TASK BRIEF: Exact reproduction required: the lines below from the line with "[forall i, (0" to the line with "Variable lam : lamT m.", both ends included, and no others.

(Dataset records)
- Opening Delimiter -
Lemma class_inj_maps0 : class_inj_maps set0 = [set [ffun=> y0]].
Proof.
apply/setP => f; rewrite in_set1; apply/class_inj_mapsP/eqP => [[_ f0 _] | ->].
  by apply/ffunP => x; rewrite ffunE f0 // !inE.
by split=> [x|x _|x]; rewrite ?inE ?ffunE.
Qed.

Section AddPoint.

Variables (a : X) (B : {set X}).
Hypothesis aB : a \notin B.

Definition drop_point (f : {ffun X -> Y}) : {ffun X -> Y} :=
  [ffun x => if x == a then y0 else f x].

Definition set_point (h : {ffun X -> Y}) (v : Y) : {ffun X -> Y} :=
  [ffun x => if x == a then v else h x].

Let peers := [set x in B | cls x == cls a].

Let neq_a x : x \in B -> (x == a) = false.
Proof. by apply: contraTF => /eqP ->. Qed.

Lemma drop_point_maps f :
  f \in class_inj_maps (a |: B) -> drop_point f \in class_inj_maps B.
Proof.
case/class_inj_mapsP => fC f0 inj; apply/class_inj_mapsP; split.
- by move=> x xB; rewrite ffunE neq_a // fC // !inE xB orbT.
- move=> x /negbTE xB; rewrite ffunE; case: eqP => // /eqP xa.
  by rewrite f0 // !inE xB (negbTE xa).
- move=> x y xB yB; rewrite !ffunE !neq_a //.
  by apply: inj; rewrite !inE ?xB ?yB orbT.
Qed.

Lemma point_value f :
  f \in class_inj_maps (a |: B) -> f a \in C (cls a) :\: drop_point f @: peers.
Proof.
case/class_inj_mapsP => fC _ inj; rewrite !inE fC ?setU11 // andbT.
apply/imsetP => -[x]; rewrite inE => /andP[xB /eqP cx]; rewrite ffunE neq_a // => fx.
by move: aB; rewrite (inj a x) ?xB // !inE ?xB ?eqxx ?orbT.
Qed.

Lemma set_point_maps h v :
  h \in class_inj_maps B -> v \in C (cls a) :\: h @: peers ->
  set_point h v \in class_inj_maps (a |: B).
Proof.
case/class_inj_mapsP => hC h0 inj; rewrite inE => /andP[v_new vC].
have v_neq y : y \in B -> cls y = cls a -> v <> h y.
  by move=> yB cy vy; case/imsetP: v_new; exists y; rewrite // inE yB cy eqxx.
apply/class_inj_mapsP; split.
- move=> x; rewrite !inE ffunE; case: eqP => [-> // | _ /= xB]; exact: hC.
- move=> x; rewrite !inE negb_or ffunE => /andP[/negbTE -> xB]; exact: h0.
- move=> x y; rewrite !inE !ffunE.
  case: eqP => [-> _ | _ /= xB]; case: eqP => [-> // | _ /= yB].
  + by move=> cy vy; case: (v_neq y yB (esym cy) vy).
  + by move=> _ cx hv; case: (v_neq x xB cx (esym hv)).
  + exact: inj.
Qed.

Lemma drop_set_point h v :
  h \in class_inj_maps B -> drop_point (set_point h v) = h.
Proof.
case/class_inj_mapsP => _ h0 _; apply/ffunP => x; rewrite !ffunE.
by case: eqP => // ->; rewrite h0.
Qed.

Lemma set_drop_point f : set_point (drop_point f) (f a) = f.
Proof. by apply/ffunP => x; rewrite !ffunE; case: eqP => [-> |]. Qed.

Lemma card_class_inj_maps_fibre h :
  h \in class_inj_maps B ->
  #|[set f in class_inj_maps (a |: B) | drop_point f == h]| = #|C (cls a)| - #|peers|.
Proof.
move=> hB; have /class_inj_mapsP[hC _ inj] := hB.
have -> : [set f in class_inj_maps (a |: B) | drop_point f == h] =
          set_point h @: (C (cls a) :\: h @: peers).
  apply/setP => f; rewrite inE; apply/andP/imsetP => [[fD /eqP <-] | [v vC ->]].
    by exists (f a); [exact: point_value | rewrite set_drop_point].
  by rewrite set_point_maps // drop_set_point.
rewrite card_in_imset; last by move=> u w _ _ /ffunP/(_ a); rewrite !ffunE eqxx.
rewrite cardsD (setIidPr _) ?card_in_imset //.
  by move=> x y /setIdP[xB /eqP cx] /setIdP[yB /eqP cy]; apply: inj; rewrite // cx cy.
by apply/subsetP => _ /imsetP[x /setIdP[xB /eqP cx] ->]; rewrite -cx hC.
Qed.

Lemma card_class_inj_maps_add :
  #|class_inj_maps (a |: B)| = #|class_inj_maps B| * (#|C (cls a)| - #|peers|).
Proof.
rewrite -sum1_card (partition_big drop_point (mem (class_inj_maps B))) /=; last first.
  exact: drop_point_maps.
rewrite -sum_nat_const; apply: eq_bigr => h hB.
by rewrite sum1dep_card -(card_class_inj_maps_fibre hB); apply: eq_card => f; rewrite inE.
Qed.

End AddPoint.

Lemma card_class_inj_maps (D : {set X}) :
  #|class_inj_maps D| = \prod_k #|C k| ^_ #|[set x in D | cls x == k]|.
Proof.
elim: {D}#|D| {-2}D (erefl #|D|) => [|d IH] D cardD.
  have -> : D = set0 by apply/eqP; rewrite -cards_eq0 cardD.
  rewrite class_inj_maps0 cards1 big1 // => k _.
  by rewrite (_ : [set x in set0 | _] = set0) ?cards0 //; apply/setP => x; rewrite !inE.
have [a aD] : exists a, a \in D by apply/card_gt0P; rewrite cardD.
have aB : a \notin D :\ a by rewrite !inE eqxx.
rewrite -(setD1K aD) card_class_inj_maps_add // IH; last first.
  by move: cardD; rewrite (cardsD1 a) aD => -[].
rewrite (bigD1 (cls a)) //= [RHS](bigD1 (cls a)) //= mulnAC; congr (_ * _).
  have -> : [set x in a |: D :\ a | cls x == cls a] = a |: [set x in D :\ a | cls x == cls a].
    by apply/setP => x; rewrite !inE; case: eqP => // ->; rewrite eqxx.
  by rewrite cardsU1 inE (negbTE aB) ffactnSr.
apply: eq_bigr => k ka; congr (_ ^_ _); apply: eq_card => x; rewrite !inE.
by case: eqP => // ->; rewrite eq_sym (negbTE ka) andbF.
Qed.

End ClassInjectiveMaps.

Section Hypergraph.

Variables (n : nat) (E : {set {set 'I_n}}) (sp : {set 'I_n}) (m : 'I_n -> nat) (q : nat).

Local Notation N := (msum m).

Lemma m_le_msum i : m i <= N.
Proof. by rewrite /msum (bigD1 i) //= leq_addr. Qed.

Definition multicolouring := {ffun 'I_n -> {ffun 'I_q -> 'I_N.+1}}.

Definition no_common_colour (G : multicolouring) : bool :=
  [forall e in E, ~~ [exists c, [forall v in e, 0 < (G v c : nat)]]].

Definition marked (G : multicolouring) : bool :=
  [&& [forall v, \sum_(c < q) (G v c : nat) == m v],
      [forall v, (v \notin sp) ==> [forall c, (G v c : nat) <= 1]] &
      no_common_colour G].

Lemma marked_countE : marked_count E sp m q = #|[pred G : multicolouring | marked G]|.
Proof. by []. Qed.

Lemma marked_sum G v : marked G -> \sum_(c < q) (G v c : nat) = m v.
Proof. by case/and3P => /forallP/(_ v)/eqP. Qed.

Definition has_type (lam : lamT m) (G : multicolouring) : bool :=
  [forall i, (0 < m i) ==> [forall j : 'I_N.+1,
     (0 < j) ==> (#|[set c | G i c == j]| == count_mem j (lam i))]].

Lemma has_typeP lam G i (j : 'I_N.+1) : has_type lam G -> 0 < m i -> 0 < j ->
  #|[set c | G i c == j]| = count_mem j (lam i).
Proof. by move=> /forallP/(_ i)/implyP + mi j0 => /(_ mi)/forallP/(_ j)/implyP/(_ j0)/eqP. Qed.

Section Vertices.

Variable lam : lamT m.

Definition part (x : Gvert lam) : 'I_N.+1 := nth ord0 (lam (val x).1) (val x).2.

Lemma Gvert_supp (x : Gvert lam) : 0 < m (val x).1.
Proof. by case/andP: (valP x). Qed.

Lemma part_mem (x : Gvert lam) : part x \in lam (val x).1.
Proof. by rewrite mem_nth //; case/andP: (valP x). Qed.

Lemma sum_Gvert_over i (F : 'I_n -> nat -> nat) : 0 < m i ->
  \sum_(x : Gvert lam | (val x).1 == i) F (val x).1 (val x).2 =
  \sum_(r < size (lam i)) F i r.
Proof.
move=> mi; pose A := [pred x : 'I_n * 'I_N | (0 < m x.1) && (x.2 < size (lam x.1))].
rewrite -(big_sub_cond A (fun x => x.1 == i) (fun x => F x.1 x.2)).
rewrite (eq_bigl (fun x : 'I_n * 'I_N => (x.1 == i) && (x.2 < size (lam i)))); last first.
  by move=> [a b]; rewrite !inE /= andbC; case: eqP => [-> | _]; rewrite ?mi.
rewrite -(pair_big (fun a => a == i) (fun b : 'I_N => b < size (lam i)) F) /= big_pred1_eq.
by rewrite (big_ord_widen N (F i) (size_bseq _)) (big_ord_narrow (size_bseq _)).
Qed.

Lemma count_pseq i (j : 'I_N.+1) : count_mem (j : nat) (pseq lam i) = count_mem j (lam i).
Proof. by rewrite /pseq count_map; apply: eq_count => y; rewrite /= val_eqE. Qed.

Lemma card_part_class i j : 0 < m i ->
  #|[set x : Gvert lam | ((val x).1 == i) && (part x == j)]| = count_mem j (lam i).
Proof.
move=> mi; rewrite -sum1dep_card big_mkcondr /=.
rewrite (sum_Gvert_over (fun a r => nth ord0 (lam a) r == j : nat)) //.
rewrite -sum1_count (big_nth ord0) big_mkord [RHS]big_mkcond /=.
by apply: eq_bigr => r _; case: (_ == j).
Qed.

Lemma sum_parts i : 0 < m i ->
  \sum_(x : Gvert lam | (val x).1 == i) (part x : nat) = sumn (pseq lam i).
Proof.
move=> mi; rewrite (sum_Gvert_over (fun a r => nth ord0 (lam a) r : nat)) //.
by rewrite sumnE /pseq big_map (big_nth ord0) big_mkord.
Qed.

Definition clique_inj (c : {ffun Gvert lam -> 'I_q}) : bool :=
  [forall x, forall y, ((val x).1 == (val y).1) && (c x == c y) ==> (x == y)].

Lemma clique_injP (c : {ffun Gvert lam -> 'I_q}) :
  reflect (forall x y, (val x).1 = (val y).1 -> c x = c y -> x = y) (clique_inj c).
Proof.
apply: (iffP forallP) => [inj x y xy cxy | inj x].
  by have /forallP/(_ y) := inj x; rewrite xy cxy !eqxx => /eqP.
by apply/forallP => y; apply/implyP => /andP[/eqP xy /eqP cxy]; apply/eqP/inj.
Qed.

(* The colour [col] gets at [i] the part of a vertex over [i] coloured [col], or 0 if there is
   none; this vertex is unique when [c] is clique-injective. *)
Definition induced (c : {ffun Gvert lam -> 'I_q}) : multicolouring :=
  [ffun i => [ffun col =>
     if [pick x | ((val x).1 == i) && (c x == col)] is Some x then part x else ord0]].

Variant induced_spec (c : {ffun Gvert lam -> 'I_q}) (i : 'I_n) (col : 'I_q) : 'I_N.+1 -> Type :=
  | InducedVertex x of (val x).1 = i & c x = col : induced_spec c i col (part x)
  | InducedNone of (forall x, ~~ (((val x).1 == i) && (c x == col))) :
      induced_spec c i col ord0.

Lemma inducedP (c : {ffun Gvert lam -> 'I_q}) i col : induced_spec c i col (induced c i col).
Proof.
rewrite !ffunE; case: pickP => [x /andP[/eqP xi /eqP cx] | none].
  exact: InducedVertex.
by apply: InducedNone => x; rewrite none.
Qed.

Section InducedMulticolouring.

Variable c : {ffun Gvert lam -> 'I_q}.
Hypothesis c_inj : clique_inj c.

Lemma induced_at x : induced c (val x).1 (c x) = part x.
Proof.
case: inducedP => [y yx cy | none]; first by rewrite ((clique_injP _ c_inj) y x).
by have := none x; rewrite !eqxx.
Qed.

Lemma sum_induced i :
  \sum_(col < q) (induced c i col : nat) = \sum_(x : Gvert lam | (val x).1 == i) (part x : nat).
Proof.
rewrite (partition_big c xpredT) //=; apply: eq_bigr => col _.
case: inducedP => [x xi cx | none]; last by rewrite big_pred0 // => y; exact/negbTE/none.
rewrite (bigD1 x) /=; last by rewrite xi cx !eqxx.
rewrite big1 ?addn0 // => y /andP[/andP[/eqP yi /eqP cy] yx].
by move: yx; rewrite ((clique_injP _ c_inj) y x) ?eqxx // ?yi ?cy.
Qed.

Lemma card_induced_class i (j : 'I_N.+1) : 0 < j ->
  #|[set col | induced c i col == j]| =
  #|[set x : Gvert lam | ((val x).1 == i) && (part x == j)]|.
Proof.
move=> j0; rewrite -(card_in_imset (f := c)); last first.
  move=> x y; rewrite !inE => /andP[/eqP xi _] /andP[/eqP yi _].
  by apply: (clique_injP _ c_inj); rewrite xi yi.
congr #|pred_of_set _|; apply/setP => col; rewrite inE; apply/idP/imsetP.
  case: inducedP => [x xi cx /eqP xj | _ /eqP j_0]; last by rewrite -j_0 in j0.
  by exists x; rewrite // inE xi xj !eqxx.
by move=> [x /setIdP[/eqP xi /eqP xj] ->]; rewrite -xi induced_at xj.
Qed.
- Closing Delimiter -
EXERCISE SOLUTION:
  [forall i, (0 < m i) ==> [forall j : 'I_N.+1,
     (0 < j) ==> (#|[set c | G i c == j]| == count_mem j (lam i))]].

Lemma has_typeP lam G i (j : 'I_N.+1) : has_type lam G -> 0 < m i -> 0 < j ->
  #|[set c | G i c == j]| = count_mem j (lam i).
Proof. by move=> /forallP/(_ i)/implyP + mi j0 => /(_ mi)/forallP/(_ j)/implyP/(_ j0)/eqP. Qed.

Section Vertices.

Variable lam : lamT m.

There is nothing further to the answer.